Пролог
Голубь снова здесь. Я уже перестал ему удивляться. Он прилетает каждый день в одно и то же время, словно по расписанию. Белый – белый, без единой помарки в виде пятнышка, или серого пёрышка. Он крупный, просто невероятно большой. Может мне это кажется, но там внизу я не видел таких. Что он делает здесь на двенадцатом этаже каждый вечер перед закатом? Почему именно здесь, в окне моей палаты? Моя кровать расположена вдоль огромного окна, так что я могу подолгу внимательно разглядывать его, любоваться красотой грациозной белой птицы.
По моей просьбе медсестра оставляет жалюзи открытыми. Вид отсюда просто отпадный. Всё свободное время я любуюсь бескрайней, залитой солнечным светом берёзовой рощей и красивыми кучевыми облаками, проплывающими над моей головой в бездонном небе. Эта картина, лучшее, что может показать мне этот мир, прощаясь со мной. Две картины – роща и этот голубь.

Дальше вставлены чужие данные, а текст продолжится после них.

(* Let $F_0$ and $F_s$ be distribution functions, $U_r(t):=F_r^{\leftarrow}(1-1/t)=\bigl(1/(1-F_r)\bigr)^{\leftarrow}(t)$ for $t>1$, $r\in\{0,s\}$, and let $c\in\mathbb{R}$, $s\ge0$. Suppose $F_0$ is in the max-domain of attraction of $G_\gamma(x)=\exp\{-(1+\gamma x)^{-1/\gamma}\}$ with $\gamma>0$. Then $$\lim_{x\to\infty}\frac{1-F_s(x)}{1-F_0(x)}=e^{cs}\quad\Longleftrightarrow\quad\lim_{t\to\infty}\frac{U_s(t)}{U_0(t)}=e^{c\gamma s}.$$
   Context: $F^{\leftarrow}$ denotes the generalized (left-continuous) inverse. For $\gamma>0$ the right endpoint of $F_0$ is $+\infty$. *)

From Stdlib Require Import Reals.
From Coquelicot Require Import Coquelicot.
Open Scope R_scope.

Definition distribution_function (F : R -> R) : Prop :=
  (forall x y, x <= y -> F x <= F y) /\
  (forall x, filterlim F (at_right x) (locally (F x))) /\
  is_lim F m_infty 0 /\
  is_lim F p_infty 1.

(* Generalized (left-continuous) inverse: F^<-(p) = inf { x | F x >= p }.
   For p in (0,1) and F a distribution function this infimum is finite. *)
Definition gen_inv (F : R -> R) (p : R) : R :=
  real (Glb_Rbar (fun x => p <= F x)).

Definition U (F : R -> R) (t : R) : R := gen_inv F (1 - / t).

Definition G (gamma x : R) : R :=
  if Req_EM_T gamma 0 then exp (- exp (- x))
  else if Rlt_dec 0 (1 + gamma * x) then exp (- Rpower (1 + gamma * x) (- / gamma))
  else if Rlt_dec 0 gamma then 0 else 1.

(* F is in the max-domain of attraction of G_gamma: there exist a_n > 0 and b_n
   with F(a_n x + b_n)^n -> G_gamma(x) at every continuity point x of G_gamma
   (for gamma > 0, G_gamma is continuous, so at every x). *)
Definition max_domain_of_attraction (F : R -> R) (gamma : R) : Prop :=
  exists (a b : nat -> R), (forall n, 0 < a n) /\
    forall x, continuous (G gamma) x ->
      is_lim_seq (fun n => (F (a n * x + b n)) ^ n) (G gamma x).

Свободное время. Ха! Звучит довольно странно, применительно к человеку, в прямом смысле слова прикованного к постели. Сейчас я похож на муху, запутавшуюся в паутине. Хитрый паук сделал всё, чтобы лишить меня возможности выпутаться. Он сплёл паутину из трубочек капельниц и тонюсеньких проводов, которые пиявками присосались к моей груди. Кончики паутины соединяют меня с насосами, аппаратами, мониторами, которые непрерывно попискивают, строят какие-то графики, таблицы, диаграммы. Машины выводят формулу, благодаря которой безошибочно определяют, сколько мне ещё осталось.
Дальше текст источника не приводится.